(* For $l,m,n,u,v\in\mathbb{N}$, \[ \sum_{k=-\infty}^\infty (-1)^k\binom{l+m}{l+k}\binom{m+n}{m+k}\binom{n+l}{n+k}\binom{2u}{u+k} =\frac{(2u)!}{u!}\sum_{k=0}^{\infty} \frac{(l+m+n-k)!}{k!\,(l-k)!\,(m-k)!\,(n-k)!\,(u+k)!}, \] and \[ \sum_{k=-\infty}^\infty (-1)^k\binom{m+n}{m+k}\binom{m+n}{n+k}\binom{u+v}{u+k}\binom{u+v}{v+k} =\binom{u+v}{u}\sum_{k=0}^{\infty} \frac{(m+n)!\,(u+v+k)!}{k!\,(m-k)!\,(n-k)!\,(u+k)!\,(v+k)!}. \]
   Context: Convention: $1/j!=0$ for negative integers $j$, and binomial coefficients $\binom{a}{b}$ with $b<0$ or $b>a$ are $0$. *)

From mathcomp Require Import all_boot all_order all_algebra.
Set Implicit Arguments. Unset Strict Implicit. Unset Printing Implicit Defensive.
Import Order.TTheory GRing.Theory Num.Theory.
Local Open Scope ring_scope.

Definition binZ (a b : int) : rat :=
  if (0 <= b) && (b <= a) then ('C(`|a|%N, `|b|%N))%:R else 0.

Definition invfact (j : int) : rat :=
  if j < 0 then 0 else ((`|j|%N)`!)%:R^-1.

(* Sum of f k over the integer window -N <= k <= N.  Used for sums over all
   k in Z whose summand is supported in that window. *)
Definition zsum (N : nat) (f : int -> rat) : rat :=
  \sum_(i < (2 * N).+1) f (i%:Z - N%:Z).

From mathcomp Require Import all_boot all_order all_algebra.
From mathcomp Require Import ring zify.
Import Order.TTheory GRing.Theory Num.Theory.
Local Open Scope ring_scope.

(* Write the binomials through inverse factorials, with
   pm(a,k) = invfact_pm a k = 1 / ((a + k)! (a - k)!).  The products of
   binomials on the left-hand sides are finite linear combinations of the
   pm(j,k), and exchanging the two sums reduces both identities to
     sum_k (-1)^k pm(u,k) pm(j,k) = 1 / (u! j! (u+j)!)   and Dixon's
     sum_k (-1)^k pm(u,k) pm(v,k) pm(j,k)
       = (u+v+j)! / (u! v! j! (u+v)! (u+j)! (v+j)!).
   These four auxiliary identities are proved alike, by creative telescoping:
   the summand satisfies a first-order recurrence in j (or n) up to a
   difference G (k + 1) - G k, where the certificate G (found by Zeilberger's
   algorithm) vanishes at both ends of the range; the closed form satisfies the
   same recurrence and agrees with the sum where the recurrence starts. *)

Lemma invfact_neg (x : int) : x < 0 -> invfact x = 0.
Proof. by rewrite /invfact => ->. Qed.

Lemma invfact_nat (n : nat) : invfact n = (n`!)%:R^-1.
Proof. by rewrite /invfact ltNge le0z_nat. Qed.

Lemma invfact0 : invfact 0 = 1.
Proof. by rewrite (invfact_nat 0) invr1. Qed.

Lemma natr_fact_neq0 (n : nat) : (n`!)%:R != 0 :> rat.
Proof. by rewrite pnatr_eq0 -lt0n fact_gt0. Qed.

Lemma invfactS (x : int) : invfact x = (x + 1)%:~R * invfact (x + 1).
Proof.
case: x => [n|[|n]].
- rewrite -PoszD addn1 !invfact_nat factS natrM invfM mulrA mulfV ?mul1r //.
  by rewrite pnatr_eq0.
- by rewrite invfact_neg // mul0r.
- by rewrite !invfact_neg ?mulr0 //; lia.
Qed.

Lemma invfact_shift1 (x y : int) : y = x + 1 -> invfact x = y%:~R * invfact y.
Proof. by move->; apply: invfactS. Qed.

Lemma invfact_shift2 (x y : int) :
  y = x + 2 -> invfact x = (y - 1)%:~R * y%:~R * invfact y.
Proof.
move=> ->; rewrite (invfactS x) (invfactS (x + 1)) mulrA -addrA.
by congr (_ * _ * _); congr (_%:~R); lia.
Qed.

Ltac rebase_invfact x y :=
  first [ rewrite (@congr1 _ _ invfact x y ltac:(lia))
        | rewrite (@invfact_shift1 x y ltac:(lia))
        | rewrite (@invfact_shift2 x y ltac:(lia)) ].

Lemma natr_int (n : nat) (z : int) : z = n :> int -> n%:R = z%:~R :> rat.
Proof. by move->. Qed.

Lemma signzS (k : int) : (-1 : rat) ^ (k + 1) = - (-1) ^ k.
Proof. by rewrite expfzDr ?expr1z ?mulrN1 // oppr_eq0 oner_eq0. Qed.

Lemma PoszS (n : nat) : n%:Z + 1 = n.+1.
Proof. by rewrite -addn1 PoszD. Qed.

Ltac field_of_ints :=
  rewrite ?signzS ?(intrD, intrN, intrB, mulr1z); by field.

Lemma binZ_add (a b : nat) (k : int) :
  binZ (a + b)%N (a%:Z + k) = ((a + b)`!)%:R * invfact (a%:Z + k) * invfact (b%:Z - k).
Proof.
rewrite /binZ; case: ifPn => [/andP[k_ge k_le] | k_out].
  have [i def_i] : exists i : nat, a%:Z + k = i by exists (absz (a%:Z + k)); lia.
  have le_ia : (i <= a + b)%N by lia.
  have -> : b%:Z - k = (a + b - i)%N by lia.
  rewrite def_i /= !invfact_nat -(bin_fact le_ia) !natrM.
  by field; rewrite !natr_fact_neq0.
have [neg | neg] : a%:Z + k < 0 \/ b%:Z - k < 0 by lia.
  by rewrite invfact_neg ?mulr0 ?mul0r.
by rewrite (@invfact_neg (b%:Z - k)) ?mulr0.
Qed.

Definition invfact_pm (a k : int) : rat := invfact (a + k) * invfact (a - k).

Lemma invfact_pmN (a k : int) : invfact_pm a (- k) = invfact_pm a k.
Proof. by rewrite /invfact_pm opprK mulrC. Qed.

Lemma invfact_pm_norm (a k : int) :
  invfact_pm a k = invfact (a + `|k|) * invfact (a - `|k|).
Proof. by case: (ger0P k) => _ //; rewrite -invfact_pmN. Qed.

Lemma invfact_pm_eq0 (a k : int) : a < `|k| -> invfact_pm a k = 0.
Proof. by move=> lt_ak; rewrite invfact_pm_norm (@invfact_neg (a - _)) ?mulr0 //; lia. Qed.

Lemma invfact_pm0r (a : int) : invfact_pm a 0 = invfact a ^+ 2.
Proof. by rewrite /invfact_pm oppr0 addr0. Qed.

Lemma invfact_pm0l (k : int) : k != 0 -> invfact_pm 0 k = 0.
Proof. by move=> nz_k; rewrite invfact_pm_eq0 //; lia. Qed.

Lemma invfact_pmS (a k : int) :
  invfact_pm a k = (a + 1 - k)%:~R * (a + 1 + k)%:~R * invfact_pm (a + 1) k.
Proof.
rewrite /invfact_pm (invfactS (a + k)) (invfactS (a - k)).
have -> : a + k + 1 = a + 1 + k by lia.
have -> : a - k + 1 = a + 1 - k by lia.
ring.
Qed.

Lemma binZ_center (a : nat) (k : int) :
  binZ (2 * a)%N (a%:Z + k) = (((2 * a)`!)%:R) * invfact_pm a k.
Proof. by rewrite mul2n -addnn binZ_add mulrA. Qed.

Lemma binZ_pair (a b : nat) (k : int) :
  binZ (a + b)%N (a%:Z + k) * binZ (a + b)%N (b%:Z + k)
  = ((a + b)`!)%:R ^+ 2 * invfact_pm a k * invfact_pm b k.
Proof. rewrite {2}addnC !binZ_add addnC /invfact_pm; ring. Qed.

Lemma binZ_triple (l m n : nat) (k : int) :
  binZ (l + m)%N (l%:Z + k) * binZ (m + n)%N (m%:Z + k) * binZ (n + l)%N (n%:Z + k)
  = ((l + m)`!)%:R * ((m + n)`!)%:R * ((n + l)`!)%:R
    * invfact_pm l k * invfact_pm m k * invfact_pm n k.
Proof. rewrite !binZ_add /invfact_pm; ring. Qed.

Lemma sum_ord_supported1 (R : zmodType) (J K : nat) (f : nat -> R) :
  (forall j, j != K -> f j = 0) -> ((J <= K)%N -> f K = 0) ->
  \sum_(j < J) f j = f K.
Proof.
move=> f_supp f_K; rewrite (bigID (fun j : 'I_J => j == K :> nat)) /=.
rewrite [X in _ + X]big1 ?addr0 => [|j]; last exact: f_supp.
by rewrite big_ord1_eq; case: ltnP => // /f_K.
Qed.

■ WORK TASK
The stretch of entries above that starts with the line containing "Definition invfact (j" and goes on through the line containing "f (i%:Z - N%:Z)." is to be transcribed exactly, and no other line is to be transcribed.

■ COMPLETED TASK
Definition invfact (j : int) : rat :=
  if j < 0 then 0 else ((`|j|%N)`!)%:R^-1.

(* Sum of f k over the integer window -N <= k <= N.  Used for sums over all
   k in Z whose summand is supported in that window. *)
Definition zsum (N : nat) (f : int -> rat) : rat :=
  \sum_(i < (2 * N).+1) f (i%:Z - N%:Z).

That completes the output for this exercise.